*** EXTRACTED MATERIAL ***
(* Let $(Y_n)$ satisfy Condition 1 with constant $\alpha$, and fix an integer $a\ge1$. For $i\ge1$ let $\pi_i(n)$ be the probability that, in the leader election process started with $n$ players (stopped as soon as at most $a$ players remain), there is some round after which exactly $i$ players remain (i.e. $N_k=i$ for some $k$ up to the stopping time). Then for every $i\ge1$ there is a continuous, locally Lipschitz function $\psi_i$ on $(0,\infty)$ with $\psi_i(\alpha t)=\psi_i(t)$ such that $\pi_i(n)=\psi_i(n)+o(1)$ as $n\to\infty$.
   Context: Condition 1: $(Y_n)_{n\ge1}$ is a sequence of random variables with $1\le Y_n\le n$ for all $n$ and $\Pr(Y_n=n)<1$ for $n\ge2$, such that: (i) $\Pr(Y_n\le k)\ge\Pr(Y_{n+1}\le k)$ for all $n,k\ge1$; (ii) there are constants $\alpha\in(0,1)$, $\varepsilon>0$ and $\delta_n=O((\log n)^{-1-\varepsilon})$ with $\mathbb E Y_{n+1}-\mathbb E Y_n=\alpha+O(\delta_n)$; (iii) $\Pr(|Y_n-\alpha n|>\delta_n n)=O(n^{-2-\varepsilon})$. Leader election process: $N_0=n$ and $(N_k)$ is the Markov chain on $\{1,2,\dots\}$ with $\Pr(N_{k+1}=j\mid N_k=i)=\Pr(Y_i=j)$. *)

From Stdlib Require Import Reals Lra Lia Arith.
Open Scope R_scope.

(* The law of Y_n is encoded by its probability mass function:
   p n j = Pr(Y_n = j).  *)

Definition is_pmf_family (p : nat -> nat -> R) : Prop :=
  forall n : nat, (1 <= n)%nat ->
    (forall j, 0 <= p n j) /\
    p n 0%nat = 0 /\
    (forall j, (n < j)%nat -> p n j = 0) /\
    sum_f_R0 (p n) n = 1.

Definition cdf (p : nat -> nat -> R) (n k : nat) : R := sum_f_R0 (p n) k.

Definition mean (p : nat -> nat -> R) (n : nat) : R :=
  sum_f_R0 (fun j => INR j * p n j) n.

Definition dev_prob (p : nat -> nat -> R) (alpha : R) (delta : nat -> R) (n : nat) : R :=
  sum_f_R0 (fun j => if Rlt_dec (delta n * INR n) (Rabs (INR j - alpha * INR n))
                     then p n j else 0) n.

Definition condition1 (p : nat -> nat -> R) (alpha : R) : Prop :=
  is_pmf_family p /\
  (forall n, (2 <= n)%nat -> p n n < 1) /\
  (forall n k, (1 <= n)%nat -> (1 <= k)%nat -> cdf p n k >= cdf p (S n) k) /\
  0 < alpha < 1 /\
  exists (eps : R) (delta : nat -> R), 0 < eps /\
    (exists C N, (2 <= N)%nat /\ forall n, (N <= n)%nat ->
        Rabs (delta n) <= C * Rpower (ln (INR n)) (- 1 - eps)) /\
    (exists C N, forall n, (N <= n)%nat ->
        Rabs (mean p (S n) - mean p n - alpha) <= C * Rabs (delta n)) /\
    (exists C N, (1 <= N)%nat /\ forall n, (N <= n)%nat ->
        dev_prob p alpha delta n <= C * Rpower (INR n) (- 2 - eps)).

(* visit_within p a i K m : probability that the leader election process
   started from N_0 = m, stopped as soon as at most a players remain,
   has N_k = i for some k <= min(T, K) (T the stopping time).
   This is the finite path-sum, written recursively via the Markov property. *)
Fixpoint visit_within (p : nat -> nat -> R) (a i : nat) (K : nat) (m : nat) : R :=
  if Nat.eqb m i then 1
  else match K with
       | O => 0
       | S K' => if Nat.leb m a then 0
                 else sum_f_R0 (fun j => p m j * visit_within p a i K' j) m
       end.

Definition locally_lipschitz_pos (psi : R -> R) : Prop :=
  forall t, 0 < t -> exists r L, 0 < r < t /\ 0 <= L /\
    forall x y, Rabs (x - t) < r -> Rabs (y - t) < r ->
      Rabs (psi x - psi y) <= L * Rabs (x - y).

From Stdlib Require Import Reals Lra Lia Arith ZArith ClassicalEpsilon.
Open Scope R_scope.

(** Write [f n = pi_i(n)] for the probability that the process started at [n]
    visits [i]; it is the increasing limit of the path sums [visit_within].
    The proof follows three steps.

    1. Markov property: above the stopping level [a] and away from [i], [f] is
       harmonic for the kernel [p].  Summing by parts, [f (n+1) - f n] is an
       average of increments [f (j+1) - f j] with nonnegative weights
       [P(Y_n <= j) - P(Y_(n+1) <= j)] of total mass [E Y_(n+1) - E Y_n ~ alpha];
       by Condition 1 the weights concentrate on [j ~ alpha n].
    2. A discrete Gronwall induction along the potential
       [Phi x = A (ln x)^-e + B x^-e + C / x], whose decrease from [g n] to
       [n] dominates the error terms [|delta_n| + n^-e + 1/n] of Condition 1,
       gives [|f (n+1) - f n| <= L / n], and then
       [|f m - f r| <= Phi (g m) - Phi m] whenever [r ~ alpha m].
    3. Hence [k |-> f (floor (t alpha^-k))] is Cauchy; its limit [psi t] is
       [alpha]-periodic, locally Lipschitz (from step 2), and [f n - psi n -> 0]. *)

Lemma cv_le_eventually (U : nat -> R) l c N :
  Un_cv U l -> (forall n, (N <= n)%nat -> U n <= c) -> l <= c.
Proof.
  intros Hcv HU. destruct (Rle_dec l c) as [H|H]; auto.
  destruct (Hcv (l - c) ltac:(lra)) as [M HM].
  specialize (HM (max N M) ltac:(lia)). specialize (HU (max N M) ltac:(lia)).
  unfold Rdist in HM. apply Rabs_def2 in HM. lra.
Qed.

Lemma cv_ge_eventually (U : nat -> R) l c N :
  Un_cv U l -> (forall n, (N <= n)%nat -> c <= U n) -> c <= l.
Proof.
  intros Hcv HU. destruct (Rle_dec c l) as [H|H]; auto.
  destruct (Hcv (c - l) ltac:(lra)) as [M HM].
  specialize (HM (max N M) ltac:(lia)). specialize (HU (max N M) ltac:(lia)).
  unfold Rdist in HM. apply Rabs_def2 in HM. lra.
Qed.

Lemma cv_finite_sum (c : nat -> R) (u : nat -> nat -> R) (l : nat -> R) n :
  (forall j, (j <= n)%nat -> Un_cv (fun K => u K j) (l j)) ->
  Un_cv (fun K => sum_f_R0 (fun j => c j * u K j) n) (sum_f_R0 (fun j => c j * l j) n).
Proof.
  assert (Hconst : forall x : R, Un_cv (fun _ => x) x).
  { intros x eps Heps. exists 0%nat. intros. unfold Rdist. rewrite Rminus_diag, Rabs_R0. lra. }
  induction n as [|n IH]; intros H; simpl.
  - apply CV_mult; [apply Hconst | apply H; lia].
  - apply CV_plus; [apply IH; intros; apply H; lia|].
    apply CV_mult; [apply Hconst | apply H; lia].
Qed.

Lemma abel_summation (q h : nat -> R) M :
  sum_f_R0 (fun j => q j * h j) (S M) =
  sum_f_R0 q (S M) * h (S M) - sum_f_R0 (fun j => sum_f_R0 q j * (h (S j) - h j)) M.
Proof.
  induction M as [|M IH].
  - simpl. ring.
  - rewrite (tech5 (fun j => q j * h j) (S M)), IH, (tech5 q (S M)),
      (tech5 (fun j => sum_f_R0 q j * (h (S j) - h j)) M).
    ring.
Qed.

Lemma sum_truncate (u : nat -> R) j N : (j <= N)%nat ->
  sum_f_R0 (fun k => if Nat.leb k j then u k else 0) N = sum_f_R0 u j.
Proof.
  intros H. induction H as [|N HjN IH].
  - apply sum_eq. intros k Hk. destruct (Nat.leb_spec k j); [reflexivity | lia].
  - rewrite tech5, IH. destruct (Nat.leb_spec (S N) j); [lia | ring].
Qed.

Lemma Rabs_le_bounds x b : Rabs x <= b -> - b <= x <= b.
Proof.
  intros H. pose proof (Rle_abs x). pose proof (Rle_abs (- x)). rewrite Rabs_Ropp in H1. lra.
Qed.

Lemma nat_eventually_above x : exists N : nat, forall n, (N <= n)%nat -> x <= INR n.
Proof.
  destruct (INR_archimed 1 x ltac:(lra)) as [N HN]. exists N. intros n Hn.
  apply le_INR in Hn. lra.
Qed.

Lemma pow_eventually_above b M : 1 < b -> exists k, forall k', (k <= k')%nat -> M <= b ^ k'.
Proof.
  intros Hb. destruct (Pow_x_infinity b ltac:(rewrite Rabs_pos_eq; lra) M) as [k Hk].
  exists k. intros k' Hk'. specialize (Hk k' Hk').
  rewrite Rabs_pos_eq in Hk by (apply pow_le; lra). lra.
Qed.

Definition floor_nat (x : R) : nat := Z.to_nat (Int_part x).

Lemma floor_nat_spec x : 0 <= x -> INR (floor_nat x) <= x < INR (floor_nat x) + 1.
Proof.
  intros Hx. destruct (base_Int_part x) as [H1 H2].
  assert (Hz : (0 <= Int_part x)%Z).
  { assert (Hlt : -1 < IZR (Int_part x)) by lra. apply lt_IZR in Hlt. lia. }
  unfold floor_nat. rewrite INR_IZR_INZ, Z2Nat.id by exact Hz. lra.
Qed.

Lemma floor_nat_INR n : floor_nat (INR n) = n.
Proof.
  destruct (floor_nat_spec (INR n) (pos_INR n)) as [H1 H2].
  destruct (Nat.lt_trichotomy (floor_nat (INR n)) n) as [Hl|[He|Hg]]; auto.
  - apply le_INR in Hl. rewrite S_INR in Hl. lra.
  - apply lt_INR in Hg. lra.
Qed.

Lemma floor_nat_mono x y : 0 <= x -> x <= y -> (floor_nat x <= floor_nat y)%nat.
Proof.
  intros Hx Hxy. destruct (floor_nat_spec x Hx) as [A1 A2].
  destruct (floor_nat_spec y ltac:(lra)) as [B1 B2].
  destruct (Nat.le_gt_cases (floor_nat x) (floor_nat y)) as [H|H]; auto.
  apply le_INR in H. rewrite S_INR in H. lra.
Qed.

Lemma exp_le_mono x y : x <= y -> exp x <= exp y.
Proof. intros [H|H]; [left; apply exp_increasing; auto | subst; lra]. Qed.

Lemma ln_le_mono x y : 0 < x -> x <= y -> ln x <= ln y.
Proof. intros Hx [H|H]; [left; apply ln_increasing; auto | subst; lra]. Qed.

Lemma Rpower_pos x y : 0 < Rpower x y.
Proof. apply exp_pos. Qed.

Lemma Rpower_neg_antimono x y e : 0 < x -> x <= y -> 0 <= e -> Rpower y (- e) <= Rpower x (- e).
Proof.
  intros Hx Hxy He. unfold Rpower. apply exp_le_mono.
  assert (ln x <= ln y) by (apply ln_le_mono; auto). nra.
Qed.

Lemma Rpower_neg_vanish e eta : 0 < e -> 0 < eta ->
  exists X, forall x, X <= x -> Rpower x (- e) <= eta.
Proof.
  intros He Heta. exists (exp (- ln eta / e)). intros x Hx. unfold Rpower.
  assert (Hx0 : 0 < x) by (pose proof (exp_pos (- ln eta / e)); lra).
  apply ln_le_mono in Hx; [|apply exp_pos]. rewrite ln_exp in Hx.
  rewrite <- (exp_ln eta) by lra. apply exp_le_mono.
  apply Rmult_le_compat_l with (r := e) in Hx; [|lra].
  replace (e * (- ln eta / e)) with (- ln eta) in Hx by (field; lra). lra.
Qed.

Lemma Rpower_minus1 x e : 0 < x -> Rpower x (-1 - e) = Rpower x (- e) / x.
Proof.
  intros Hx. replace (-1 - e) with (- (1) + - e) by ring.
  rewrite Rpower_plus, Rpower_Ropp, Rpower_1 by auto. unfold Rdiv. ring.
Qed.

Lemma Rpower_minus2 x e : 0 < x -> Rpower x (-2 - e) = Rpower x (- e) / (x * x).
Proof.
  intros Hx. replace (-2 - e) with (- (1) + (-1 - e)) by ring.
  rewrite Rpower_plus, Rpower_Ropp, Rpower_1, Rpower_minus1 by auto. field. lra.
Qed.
*** End of EXTRACTED MATERIAL ***
WHAT THE EXERCISE ASKS: Repeat every line of the data word for word until you have repeated the line that contains "(exists C N, forall n, (N <= n)%nat ->", which is the last one to include.

SOLUTION FOR THIS EXERCISE:
(* Let $(Y_n)$ satisfy Condition 1 with constant $\alpha$, and fix an integer $a\ge1$. For $i\ge1$ let $\pi_i(n)$ be the probability that, in the leader election process started with $n$ players (stopped as soon as at most $a$ players remain), there is some round after which exactly $i$ players remain (i.e. $N_k=i$ for some $k$ up to the stopping time). Then for every $i\ge1$ there is a continuous, locally Lipschitz function $\psi_i$ on $(0,\infty)$ with $\psi_i(\alpha t)=\psi_i(t)$ such that $\pi_i(n)=\psi_i(n)+o(1)$ as $n\to\infty$.
   Context: Condition 1: $(Y_n)_{n\ge1}$ is a sequence of random variables with $1\le Y_n\le n$ for all $n$ and $\Pr(Y_n=n)<1$ for $n\ge2$, such that: (i) $\Pr(Y_n\le k)\ge\Pr(Y_{n+1}\le k)$ for all $n,k\ge1$; (ii) there are constants $\alpha\in(0,1)$, $\varepsilon>0$ and $\delta_n=O((\log n)^{-1-\varepsilon})$ with $\mathbb E Y_{n+1}-\mathbb E Y_n=\alpha+O(\delta_n)$; (iii) $\Pr(|Y_n-\alpha n|>\delta_n n)=O(n^{-2-\varepsilon})$. Leader election process: $N_0=n$ and $(N_k)$ is the Markov chain on $\{1,2,\dots\}$ with $\Pr(N_{k+1}=j\mid N_k=i)=\Pr(Y_i=j)$. *)

From Stdlib Require Import Reals Lra Lia Arith.
Open Scope R_scope.

(* The law of Y_n is encoded by its probability mass function:
   p n j = Pr(Y_n = j).  *)

Definition is_pmf_family (p : nat -> nat -> R) : Prop :=
  forall n : nat, (1 <= n)%nat ->
    (forall j, 0 <= p n j) /\
    p n 0%nat = 0 /\
    (forall j, (n < j)%nat -> p n j = 0) /\
    sum_f_R0 (p n) n = 1.

Definition cdf (p : nat -> nat -> R) (n k : nat) : R := sum_f_R0 (p n) k.

Definition mean (p : nat -> nat -> R) (n : nat) : R :=
  sum_f_R0 (fun j => INR j * p n j) n.

Definition dev_prob (p : nat -> nat -> R) (alpha : R) (delta : nat -> R) (n : nat) : R :=
  sum_f_R0 (fun j => if Rlt_dec (delta n * INR n) (Rabs (INR j - alpha * INR n))
                     then p n j else 0) n.

Definition condition1 (p : nat -> nat -> R) (alpha : R) : Prop :=
  is_pmf_family p /\
  (forall n, (2 <= n)%nat -> p n n < 1) /\
  (forall n k, (1 <= n)%nat -> (1 <= k)%nat -> cdf p n k >= cdf p (S n) k) /\
  0 < alpha < 1 /\
  exists (eps : R) (delta : nat -> R), 0 < eps /\
    (exists C N, (2 <= N)%nat /\ forall n, (N <= n)%nat ->
        Rabs (delta n) <= C * Rpower (ln (INR n)) (- 1 - eps)) /\
    (exists C N, forall n, (N <= n)%nat ->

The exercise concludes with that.